*TASK*.
Reproduce the lines below from the one that contains "Definition tate_coef (b" through the end, inclusive, and add nothing.

[Stored data]
(* Let $\phi$ be a Drinfeld $A[\underline{t}_s]$-module over $\mathbb{T}_s$ with $\phi_\theta=\theta+A_1\tau+\dots+A_r\tau^r$, $A_r\in\mathbb{T}_s^\times$, and suppose $\Psi\in\mathrm{GL}_r(\mathbb{T}_s\{z/\theta\})$ satisfies $\Psi^{(-1)}=\Phi\Psi$. Set \[ V_\phi=\{\mathbf{g}\in\mathrm{Mat}_{1\times r}(\mathbb{T}_s\{z/\theta\}) \mid \mathbf{g}^{(-1)}\Phi=\mathbf{g}\}. \] Then: (a) $V_\phi=\mathrm{Mat}_{1\times r}(\mathbb{F}_q[\underline{t}_s][z])\,\Psi^{-1}$; (b) $V_\phi$ is a free $\mathbb{F}_q[\underline{t}_s][z]$-module of rank $r$; (c) $V_\phi\cap\mathrm{Mat}_{1\times r}(\mathbb{T}_s[z])=\{0\}$.
   Context: $\mathbb{F}_q$ finite field, $\theta,t_1,\dots,t_s,z$ independent variables, $A[\underline{t}_s]=\mathbb{F}_q[\theta,t_1,\dots,t_s]$, $\mathbb{F}_q[\underline{t}_s]=\mathbb{F}_q[t_1,\dots,t_s]$. $\mathbb{C}_\infty$: completion of an algebraic closure of $\mathbb{F}_q((1/\theta))$, $|\theta|_\infty=q$. $\mathbb{T}_s$: Tate algebra of power series in $t_1,\dots,t_s$ over $\mathbb{C}_\infty$ with coefficients tending to $0$, Gauss norm $\|\cdot\|_\infty$. $\tau$: automorphism raising $\mathbb{C}_\infty$-coefficients to the $q$-th power, $f^{(n)}=\tau^n(f)$ ($n\in\mathbb{Z}$), applied entrywise to matrices and coefficientwise to power series in $z$ (fixing $z$). $\mathbb{T}_s[\tau]$: twisted polynomial ring with $\tau f=f^{(1)}\tau$. A Drinfeld $A[\underline{t}_s]$-module is an $\mathbb{F}_q[\underline{t}_s]$-algebra homomorphism $\phi:A[\underline{t}_s]\to\mathbb{T}_s[\tau]$ with $\phi_\theta=\theta+A_1\tau+\dots+A_r\tau^r$. $\mathbb{T}_s\{z/\theta\}=\{\sum_{i\ge0}a_iz^i: a_i\in\mathbb{T}_s,\ q^i\|a_i\|_\infty\to0\}$. $\Phi\in\mathrm{Mat}_r(\mathbb{T}_s[z])$ has $i$-th row the $(i+1)$-st standard basis row vector for $1\le i\le r-1$ and last row $\big[(z-\theta)/A_r^{(-r)},-A_1^{(-1)}/A_r^{(-r)},\dots,-A_{r-1}^{(-r+1)}/A_r^{(-r)}\big]$. *)

From HB Require Import structures.
From mathcomp Require Import all_boot all_order all_algebra.
From mathcomp Require Import reals.
From Stdlib Require Import ClassicalEpsilon.

Set Implicit Arguments.
Unset Strict Implicit.
Unset Printing Implicit Defensive.

Import Order.TTheory GRing.Theory Num.Theory.
Local Open Scope ring_scope.

(* Abstract model of C_infty: a field C with a ring embedding iota : F_q -> C,
   an element theta, and a real-valued absolute value nrm such that
   nrm is a non-archimedean absolute value with |theta| = q, C is complete,
   algebraically closed (closedFieldType) and the elements algebraic over
   F_q(theta) are dense.  These axioms characterize C_infty up to isometric
   isomorphism. *)
Record Cinf_axioms (F : finFieldType) (C : closedFieldType) (R : realType)
    (iota : {rmorphism F -> C}) (theta : C) (nrm : C -> R) : Prop := {
  nrm_ge0 : forall x, 0 <= nrm x;
  nrm0 : nrm 0 = 0;
  nrm_eq0 : forall x, nrm x = 0 -> x = 0;
  nrmM : forall x y, nrm (x * y) = nrm x * nrm y;
  nrm_ultra : forall x y, nrm (x + y) <= Num.max (nrm x) (nrm y);
  nrm_theta : nrm theta = (#|F|)%:R;
  nrm_complete : forall u : nat -> C,
    (forall eps : R, 0 < eps -> exists N, forall m n, (N <= m)%N -> (N <= n)%N ->
        nrm (u m - u n) < eps) ->
    exists l, forall eps : R, 0 < eps -> exists N, forall n, (N <= n)%N ->
        nrm (u n - l) < eps;
  alg_dense : forall (x : C) (eps : R), 0 < eps -> exists y : C,
    nrm (x - y) < eps /\
    exists p : {poly {poly F}},
      map_poly (fun c : {poly F} => (map_poly iota c).[theta]) p != 0 /\
      root (map_poly (fun c : {poly F} => (map_poly iota c).[theta]) p) y
}.

(* Formal power series in z, t_1..t_s over C.  A series a is given by its
   coefficients: a i m = coefficient of z^i t^m (m a multi-index). *)
Section Series.
Variables (C : fieldType) (s : nat).

Definition midx := 'I_s -> nat.
Definition ser := nat -> midx -> C.

Definition ser0 : ser := fun _ _ => 0.
Definition ser1 : ser := fun i m => if (i == 0%N) && [forall j, m j == 0%N] then 1 else 0.
Definition sercst (c : C) : ser :=
  fun i m => if (i == 0%N) && [forall j, m j == 0%N] then c else 0.
Definition serz : ser := fun i m => if (i == 1%N) && [forall j, m j == 0%N] then 1 else 0.
Definition seradd (a b : ser) : ser := fun i m => a i m + b i m.
Definition seropp (a : ser) : ser := fun i m => - a i m.

Definition mbound (m : midx) : nat := (\sum_(j < s) m j)%N.

Definition sermul (a b : ser) : ser := fun i m =>
  \sum_(k < i.+1)
    \sum_(mu : {ffun 'I_s -> 'I_(mbound m).+1} | [forall j, (mu j <= m j)%N])
      a k (fun j => nat_of_ord (mu j)) * b (i - k)%N (fun j => (m j - mu j)%N).

Definition tinv (a : ser) : ser := epsilon (inhabits ser0) (fun b => sermul a b = ser1).

End Series.
Arguments ser0 : clear implicits.
Arguments ser1 : clear implicits.
Arguments serz : clear implicits.
Arguments sercst {C} s c.

(* tau^{-1}: inverse of the q-Frobenius on C (bijective as C is algebraically
   closed of characteristic p), applied coefficientwise; twistinv k = tau^{-k}. *)
Definition frobinv (C : fieldType) (q : nat) (x : C) : C :=
  epsilon (inhabits 0) (fun y : C => y ^+ q = x).

Definition twistinv (C : fieldType) (s q k : nat) (a : ser C s) : ser C s :=
  fun i m => iter k (frobinv q) (a i m).

Section Subrings.
Variables (C : fieldType) (R : realType) (nrm : C -> R) (s : nat).

Definition tate_coef (b : midx s -> C) : Prop :=
  forall eps : R, 0 < eps -> exists N : nat,
    forall m : midx s, (exists j, (N <= m j)%N) -> nrm (b m) < eps.

Definition in_T (a : ser C s) : Prop :=
  tate_coef (a 0%N) /\ forall i, i <> 0%N -> forall m, a i m = 0.

Definition in_Tz (q : nat) (a : ser C s) : Prop :=
  (forall i, tate_coef (a i)) /\
  forall eps : R, 0 < eps -> exists N : nat, forall i, (N <= i)%N ->
    forall m, (q%:R) ^+ i * nrm (a i m) <= eps.

Definition in_Tpolz (a : ser C s) : Prop :=
  (forall i, tate_coef (a i)) /\
  exists N : nat, forall i, (N <= i)%N -> forall m, a i m = 0.

End Subrings.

*SOLUTION TO THIS TASK*.
Definition tate_coef (b : midx s -> C) : Prop :=
  forall eps : R, 0 < eps -> exists N : nat,
    forall m : midx s, (exists j, (N <= m j)%N) -> nrm (b m) < eps.

Definition in_T (a : ser C s) : Prop :=
  tate_coef (a 0%N) /\ forall i, i <> 0%N -> forall m, a i m = 0.

Definition in_Tz (q : nat) (a : ser C s) : Prop :=
  (forall i, tate_coef (a i)) /\
  forall eps : R, 0 < eps -> exists N : nat, forall i, (N <= i)%N ->
    forall m, (q%:R) ^+ i * nrm (a i m) <= eps.

Definition in_Tpolz (a : ser C s) : Prop :=
  (forall i, tate_coef (a i)) /\
  exists N : nat, forall i, (N <= i)%N -> forall m, a i m = 0.

End Subrings.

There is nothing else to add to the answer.